* [Dataset entries]:
Definition dot {d : nat} (x y : Rd d) : R := \big[Rplus/0]_(i < d) (x i * y i).
Definition vnorm {d : nat} (x : Rd d) : R := sqrt (dot x x).
Definition vsub {d : nat} (x y : Rd d) : Rd d := fun i => x i - y i.
Definition vscale {d : nat} (c : R) (x : Rd d) : Rd d := fun i => c * x i.

Definition is_open {d : nat} (O : Rd d -> Prop) : Prop :=
  forall x, O x -> exists r, 0 < r /\ forall y, vnorm (vsub y x) < r -> O y.
Definition is_bounded {d : nat} (O : Rd d -> Prop) : Prop :=
  exists M, forall x, O x -> vnorm x <= M.
Definition closure {d : nat} (O : Rd d -> Prop) (x : Rd d) : Prop :=
  forall r, 0 < r -> exists y, O y /\ vnorm (vsub y x) < r.
Definition boundary {d : nat} (O : Rd d -> Prop) (x : Rd d) : Prop :=
  closure O x /\ ~ O x.

Definition has_grad {d : nat} (f : Rd d -> R) (x : Rd d) (g : Rd d) : Prop :=
  forall eps, 0 < eps -> exists delta, 0 < delta /\
    forall y, vnorm (vsub y x) < delta ->
      Rabs (f y - f x - dot g (vsub y x)) <= eps * vnorm (vsub y x).

Definition Lipschitz_vec {d m : nat} (f : Rd d -> Rd m) : Prop :=
  exists L, 0 <= L /\ forall x y, vnorm (vsub (f x) (f y)) <= L * vnorm (vsub x y).

(** O is a domain of class W^{2,infty} with defining function rho:
    rho in W^{2,infty}(R^d) (bounded, with bounded Lipschitz gradient Drho),
    O = {rho < 0}, and Drho does not vanish on {rho = 0}. *)
Definition W2inf_defining {d : nat} (O : Rd d -> Prop) (rho : Rd d -> R)
  (Drho : Rd d -> Rd d) : Prop :=
  (exists M, forall x, Rabs (rho x) <= M /\ vnorm (Drho x) <= M) /\
  (forall x, has_grad rho x (Drho x)) /\
  Lipschitz_vec Drho /\
  (forall x, O x <-> rho x < 0) /\
  (forall x, rho x = 0 -> 0 < vnorm (Drho x)).

Definition W2inf_domain {d : nat} (O : Rd d -> Prop) (n : Rd d -> Rd d) : Prop :=
  exists rho Drho, W2inf_defining O rho Drho /\
    forall x, boundary O x -> n x = vscale (/ vnorm (Drho x)) (Drho x).

Definition inQ {d : nat} (T : R) (O : Rd d -> Prop) (t : R) (x : Rd d) : Prop :=
  0 <= t <= T /\ closure O x.

Definition near {d : nat} (r t0 : R) (x0 : Rd d) (t : R) (x : Rd d) : Prop :=
  Rabs (t - t0) < r /\ vnorm (vsub x x0) < r.

Definition cont_on {d : nat} (T : R) (O : Rd d -> Prop) (f : R -> Rd d -> R) : Prop :=
  forall t0 x0, inQ T O t0 x0 -> forall eps, 0 < eps -> exists r, 0 < r /\
    forall t x, inQ T O t x -> near r t0 x0 t x -> Rabs (f t x - f t0 x0) < eps.

Definition usc_on {d : nat} (T : R) (O : Rd d -> Prop) (f : R -> Rd d -> R) : Prop :=
  forall t0 x0, inQ T O t0 x0 -> forall eps, 0 < eps -> exists r, 0 < r /\
    forall t x, inQ T O t x -> near r t0 x0 t x -> f t x < f t0 x0 + eps.

Definition bounded_on {d : nat} (T : R) (O : Rd d -> Prop) (f : R -> Rd d -> R) : Prop :=
  exists M, forall t x, inQ T O t x -> Rabs (f t x) <= M.

Definition Lip_x_on {d k : nat} (T : R) (O : Rd d -> Prop) (f : R -> Rd d -> Rd k) : Prop :=
  exists L, 0 <= L /\ forall t x y, inQ T O t x -> inQ T O t y ->
    vnorm (vsub (f t x) (f t y)) <= L * vnorm (vsub x y).

Definition vcont_on {d k : nat} (T : R) (O : Rd d -> Prop) (f : R -> Rd d -> Rd k) : Prop :=
  forall i, cont_on T O (fun t x => f t x i).

(** C^1 test functions: phi is C^1 on R x R^d, with time derivative phit and
    spatial gradient Dphi (jointly Fréchet differentiable, continuous derivatives);
    only its restriction to [0,T] x closure(O) matters. *)
Definition C1 {d : nat} (phi : R -> Rd d -> R) (phit : R -> Rd d -> R)
  (Dphi : R -> Rd d -> Rd d) : Prop :=
  (forall t0 x0 eps, 0 < eps -> exists delta, 0 < delta /\
     forall t x, near delta t0 x0 t x ->
       Rabs (phi t x - phi t0 x0 - phit t0 x0 * (t - t0) - dot (Dphi t0 x0) (vsub x x0))
         <= eps * (Rabs (t - t0) + vnorm (vsub x x0))) /\
  (forall t0 x0 eps, 0 < eps -> exists delta, 0 < delta /\
     forall t x, near delta t0 x0 t x ->
       Rabs (phit t x - phit t0 x0) < eps /\ vnorm (vsub (Dphi t x) (Dphi t0 x0)) < eps).

Definition loc_max {d : nat} (T : R) (O : Rd d -> Prop) (f : R -> Rd d -> R)
  (t0 : R) (x0 : Rd d) : Prop :=
  inQ T O t0 x0 /\ exists r, 0 < r /\
    forall t x, inQ T O t x -> near r t0 x0 t x -> f t x <= f t0 x0.

(** sigma(t,x) is a d x m matrix; (sigma^T p)_j = sum_i sigma_ij p_i. *)
Definition trmul {d m : nat} (s : 'I_d -> 'I_m -> R) (p : Rd d) : Rd m :=
  fun j => \big[Rplus/0]_(i < d) (s i j * p i).

Definition Ham {d m : nat} (b : R -> Rd d -> Rd d) (sigma : R -> Rd d -> 'I_d -> 'I_m -> R)
  (t : R) (x : Rd d) (p : Rd d) : R :=
  / 2 * (vnorm (trmul (sigma t x) p)) ^ 2 - dot (b t x) p.

Definition Eop {d m : nat} (b : R -> Rd d -> Rd d) (sigma : R -> Rd d -> 'I_d -> 'I_m -> R)
  (psi : R -> Rd d -> R) (t : R) (x : Rd d) (r q : R) (p : Rd d) : R :=
  Rmin (- q + Ham b sigma t x p) (r - psi t x).

Definition VI_min_subsolution {d m : nat} (T : R) (O : Rd d -> Prop) (gamma : Rd d -> Rd d)
  (b : R -> Rd d -> Rd d) (sigma : R -> Rd d -> 'I_d -> 'I_m -> R)
  (psi : R -> Rd d -> R) (w : R -> Rd d -> R) : Prop :=
  bounded_on T O w /\ usc_on T O w /\
  forall phi phit Dphi, C1 phi phit Dphi ->
  forall t0 x0, loc_max T O (fun t x => w t x - phi t x) t0 x0 ->
    let E0 := Eop b sigma psi t0 x0 (w t0 x0) (phit t0 x0) (Dphi t0 x0) in
    (O x0 -> E0 <= 0) /\
    (boundary O x0 -> Rmin E0 (dot (Dphi t0 x0) (gamma x0)) <= 0).
(* Let $n\ge 1$ and let $Q$ be a quiver (with arbitrary orientation of its arrows) whose underlying graph is a Dynkin graph of type $A_r$, $D_r$, $E_6$, $E_7$ or $E_8$, so that $Q$ has $r$ vertices and $r-1$ arrows. Let $\beta=(n,\dots,n)$. Then the ring of $\mathbb{U}_\beta$-invariant polynomial functions on $F^{\bullet}Rep(Q,\beta)\cong\mathfrak{b}_n^{\oplus (r-1)}$ is $$\mathbb{C}[F^{\bullet}Rep(Q,\beta)]^{\mathbb{U}_\beta}=\mathbb{C}[\mathfrak{t}_n^{\oplus (r-1)}],$$ i.e. it is the subalgebra generated by the diagonal entries $(A_a)_{kk}$, $1\le k\le n$, $a\in Q_1$ (a polynomial ring in $n(r-1)$ variables).
   Context: For a quiver $Q=(Q_0,Q_1)$ with head and tail maps $h,t:Q_1\to Q_0$ and dimension vector $\beta=(n,\dots,n)$, put the vector space $\mathbb{C}^n$ at each vertex with the complete standard flag $0\subset\mathbb{C}^1\subset\cdots\subset\mathbb{C}^n$ ($\mathbb{C}^k$ spanned by the first $k$ standard basis vectors). The filtered quiver variety $F^{\bullet}Rep(Q,\beta)$ is the space of tuples $(A_a)_{a\in Q_1}$ of $n\times n$ matrices with $A_a(\mathbb{C}^k)\subseteq\mathbb{C}^k$ for all $k$, i.e. $F^{\bullet}Rep(Q,\beta)=\mathfrak{b}_n^{\oplus Q_1}$ where $\mathfrak{b}_n$ is the space of upper triangular $n\times n$ complex matrices. Let $U\subset GL_n(\mathbb{C})$ be the group of upper triangular unipotent matrices and $\mathbb{U}_\beta=U^{Q_0}$, acting by $(u_i)_{i\in Q_0}\cdot(A_a)_{a}=(u_{h(a)}A_au_{t(a)}^{-1})_a$; it acts on polynomial functions by $(u\cdot f)(A)=f(u^{-1}\cdot A)$. $\mathfrak{t}_n$ denotes the diagonal $n\times n$ matrices, and $\mathbb{C}[\mathfrak{t}_n^{\oplus Q_1}]$ denotes the subalgebra of $\mathbb{C}[\mathfrak{b}_n^{\oplus Q_1}]$ generated by the diagonal entries of the $A_a$. *)

From mathcomp Require Import all_boot all_algebra all_fingroup.
From mathcomp Require Import mpoly.
From mathcomp.real_closed Require Import complex.
From mathcomp Require Import Rstruct.

Set Implicit Arguments.
Unset Strict Implicit.
Unset Printing Implicit Defensive.
Import GRing.Theory.
Local Open Scope ring_scope.
Lemma parent_spec (T : {set 'I_n}) : rameau a T -> T != setT ->
  [/\ rameau a (parent a T), T \proper parent a T &
     forall V, rameau a V -> T \proper V -> parent a T \subset V].
Proof.
move=> rT T_neqT; have cardT := (rameauP _ rT).1.
have [t tT] : exists t, t \in T by apply/set0Pn; rewrite -card_gt0 (leq_trans _ cardT).
have rS : rameau a setT && (T \proper setT).
  by rewrite properT T_neqT rameau_setT // -(card_ord n) (leq_trans cardT (max_card _)).
have [U /andP[rU TU] U_min] :=
  @arg_minnP _ setT (fun V => rameau a V && (T \proper V)) (fun V => #|V|) rS.
rewrite /parent; case: pickP => [P /andP[/andP[rP TP] /forallP P_min] | no_min].
  by split=> // V rV TV; apply: (implyP (P_min V)); rewrite rV.
have /negP[] := no_min U; rewrite rU TU; apply/forallP => V; apply/implyP => /[dup] rTV.
case/andP=> rV TV; have tU := subsetP (proper_sub TU) t tT.
have [//|VU] := orP (rameau_laminar rU rV tU (subsetP (proper_sub TV) t tT)).
suff /eqP-> : V == U by []; by rewrite eqEcard VU U_min.
Qed.

(* The rameaux above T form a chain, along which gamma telescopes. *)
Lemma sum_gamma_supsets (T : {set 'I_n}) : rameau a T ->
  \sum_(U | rameau a U && (T \subset U)) gamma a U = alpha a T.
Proof.
have [m] := ubnP #|~: T|; elim: m T => // m IHm T cardCT.
have [-> rT | T_neqT rT] := eqVneq T setT.
  rewrite (big_pred1 setT) => [|U]; first by rewrite /gamma eqxx.
  by rewrite /= subTset andb_idl // => /eqP->.
have [rP TP P_min] := parent_spec rT T_neqT.
rewrite (bigD1 T) /=; last by rewrite rT subxx.
rewrite (eq_bigl (fun U => rameau a U && (parent a T \subset U))) => [|U]; last first.
  have [rU /=|//] := boolP (rameau a U).
  rewrite andbC eq_sym -properEneq; apply/idP/idP; first exact: P_min.
  exact: proper_sub_trans.
rewrite IHm ?/gamma ?(negPf T_neqT) ?subrK //.
by rewrite -ltnS (leq_trans _ cardCT) // ltnS proper_card // properC.
Qed.

Hypothesis a_distinct : forall i j : 'I_n, i != j -> ~ pzero (psub (a i) (a j)).

Lemma mm_sym i j : mm a i j = mm a j i.
Proof.
have [-> // | ij] := eqVneq i j.
by rewrite /mm pval_psubC //; apply: a_distinct; rewrite // eq_sym.
Qed.

Lemma mm_ge_min i j k : i != k -> Num.min (mm a i j) (mm a j k) <= mm a i k.
Proof. by move=> ik; apply: pval_psub_ge_min; apply: a_distinct. Qed.

(* Larger valuation means closer: this is the closed ball around [i] through [j]. *)
Definition ball i j : {set 'I_n} := [set k | (k == i) || (mm a i j <= mm a i k)].

Lemma ball_center i j : i \in ball i j.
Proof. by rewrite inE eqxx. Qed.

Lemma ball_endpoint i j : j \in ball i j.
Proof. by rewrite inE lexx orbT. Qed.

Lemma mm_ball_out i j x k : x \in ball i j -> k \notin ball i j ->
  mm a x k = mm a i k.
Proof.
rewrite !inE negb_or -ltNge => x_in /andP[k_neq_i lt_k_j].
have [-> // | x_neq_i] := eqVneq x i.
have lt_k_x : mm a i k < mm a i x.
  by move: x_in; rewrite (negPf x_neq_i) => /(lt_le_trans lt_k_j).
have x_neq_k : x != k by apply: contraTneq lt_k_x => ->; rewrite ltxx.
apply/eqP; rewrite eq_le; apply/andP; split.
  have i_neq_k : i != k by rewrite eq_sym.
  by have := mm_ge_min x i_neq_k; rewrite ge_min leNgt lt_k_x.
have := mm_ge_min i x_neq_k; rewrite (mm_sym x i) ge_min => /orP[le_x_xk | //].
exact: ltW (lt_le_trans lt_k_x le_x_xk).
Qed.

Lemma mm_ball_pair i j x y : x \in ball i j -> y \in ball i j -> x != y ->
  mm a i j <= mm a x y.
Proof.
rewrite !inE => x_in y_in xy.
have [ex | x_neq_i] := eqVneq x i.
  by move: y_in; rewrite -ex eq_sym (negPf xy).
have [ey | y_neq_i] := eqVneq y i.
  by move: x_in; rewrite -ey (negPf xy) [mm a y x]mm_sym.
move: x_in y_in; rewrite (negPf x_neq_i) (negPf y_neq_i) /= => x_ge y_ge.
by apply: le_trans (mm_ge_min i xy); rewrite le_min (mm_sym x i) x_ge.
Qed.

Lemma ball_rameau i j : i != j -> rameau a (ball i j).
Proof.
move=> ij; apply/rameauP; split.
  have <- : #|[set i; j]| = 2%N by rewrite cards2 ij.
  apply: subset_leq_card.
  by apply/subsetP => x /set2P[]->; rewrite ?ball_center ?ball_endpoint.
move=> x y k x_in y_in k_out xy; rewrite !(mm_ball_out _ k_out) //; split=> //.
move: k_out; rewrite inE negb_or -ltNge => /andP[_ lt_k_j].
exact: lt_le_trans lt_k_j (mm_ball_pair x_in y_in xy).
Qed.

Lemma alpha_ball i j : i != j -> alpha a (ball i j) = mm a i j.
Proof.
move=> ij; rewrite /alpha; set s := map _ _.
have s_ge x : x \in s -> mm a i j <= x.
  by case/mapP => p; rewrite mem_enum inE => /andP[/andP[? ?] ?] ->; apply: mm_ball_pair.
have ij_s : mm a i j \in s.
  apply/mapP; exists (i, j) => //.
  by rewrite mem_enum inE ball_center ball_endpoint ij.
apply/eqP; rewrite eq_le ge_bigmin_seq //= big_seq le_bigmin // s_ge //.
by move: ij_s; case: (s) => //= x s' _; apply: mem_head.
Qed.

Lemma ball_subset_rameau i j T : i != j -> rameau a T ->
  (i \in T) && (j \in T) = (ball i j \subset T).
Proof.
move=> ij /rameauP[_ sepT]; apply/idP/idP => [/andP[iT jT] | /subsetP sub_T]; last first.
  by rewrite !sub_T ?ball_center ?ball_endpoint.
apply/subsetP => k; apply: contraLR => kT; rewrite inE negb_or -ltNge.
have [lt_k_j _] := sepT i j k iT jT kT ij.
by rewrite lt_k_j andbT; apply: contraNneq kT => ->.
Qed.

* [EXERCISE AIM]: Among the lines of the data, which ones contain the word "sigma"? Show them.

* [SOLUTION TO THIS PROBLEM]:
(** sigma(t,x) is a d x m matrix; (sigma^T p)_j = sum_i sigma_ij p_i. *)
Definition Ham {d m : nat} (b : R -> Rd d -> Rd d) (sigma : R -> Rd d -> 'I_d -> 'I_m -> R)
  / 2 * (vnorm (trmul (sigma t x) p)) ^ 2 - dot (b t x) p.
Definition Eop {d m : nat} (b : R -> Rd d -> Rd d) (sigma : R -> Rd d -> 'I_d -> 'I_m -> R)
  Rmin (- q + Ham b sigma t x p) (r - psi t x).
  (b : R -> Rd d -> Rd d) (sigma : R -> Rd d -> 'I_d -> 'I_m -> R)
    let E0 := Eop b sigma psi t0 x0 (w t0 x0) (phit t0 x0) (Dphi t0 x0) in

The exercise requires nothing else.